● Data for this exercise:
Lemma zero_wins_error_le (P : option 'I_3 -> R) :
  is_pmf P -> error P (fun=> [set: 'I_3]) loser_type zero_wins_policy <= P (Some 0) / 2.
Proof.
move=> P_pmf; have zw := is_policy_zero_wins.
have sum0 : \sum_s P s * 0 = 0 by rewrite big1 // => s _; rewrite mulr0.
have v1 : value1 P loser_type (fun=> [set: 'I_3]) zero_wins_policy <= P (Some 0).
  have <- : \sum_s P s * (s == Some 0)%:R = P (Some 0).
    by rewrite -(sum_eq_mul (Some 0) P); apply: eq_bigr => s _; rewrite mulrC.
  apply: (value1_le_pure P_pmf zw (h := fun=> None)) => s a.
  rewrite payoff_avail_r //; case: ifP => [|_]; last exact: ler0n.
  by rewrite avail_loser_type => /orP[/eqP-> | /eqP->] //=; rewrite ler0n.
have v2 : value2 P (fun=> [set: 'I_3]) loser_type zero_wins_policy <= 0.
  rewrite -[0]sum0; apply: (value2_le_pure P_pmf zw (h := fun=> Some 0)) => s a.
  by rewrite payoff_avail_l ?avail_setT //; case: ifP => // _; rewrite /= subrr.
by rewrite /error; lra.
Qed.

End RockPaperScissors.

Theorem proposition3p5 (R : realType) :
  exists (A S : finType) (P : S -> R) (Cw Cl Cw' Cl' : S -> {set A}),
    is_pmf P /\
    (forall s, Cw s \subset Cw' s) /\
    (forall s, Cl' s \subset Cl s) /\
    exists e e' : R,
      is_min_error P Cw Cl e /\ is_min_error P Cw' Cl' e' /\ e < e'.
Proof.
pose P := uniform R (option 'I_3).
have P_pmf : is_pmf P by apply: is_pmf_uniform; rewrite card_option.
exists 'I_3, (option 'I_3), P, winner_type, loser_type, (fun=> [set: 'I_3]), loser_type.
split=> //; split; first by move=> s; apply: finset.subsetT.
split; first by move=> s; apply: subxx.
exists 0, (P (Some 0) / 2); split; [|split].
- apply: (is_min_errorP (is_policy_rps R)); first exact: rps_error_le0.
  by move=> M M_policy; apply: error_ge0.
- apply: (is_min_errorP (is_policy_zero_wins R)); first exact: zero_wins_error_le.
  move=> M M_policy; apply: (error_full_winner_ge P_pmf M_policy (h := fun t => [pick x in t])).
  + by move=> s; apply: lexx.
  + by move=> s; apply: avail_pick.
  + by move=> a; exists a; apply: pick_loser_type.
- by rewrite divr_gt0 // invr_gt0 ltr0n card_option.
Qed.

● Prompt:
A single figure, the number of lines above with the word "first", is the whole answer.

● Result of the exercise:
4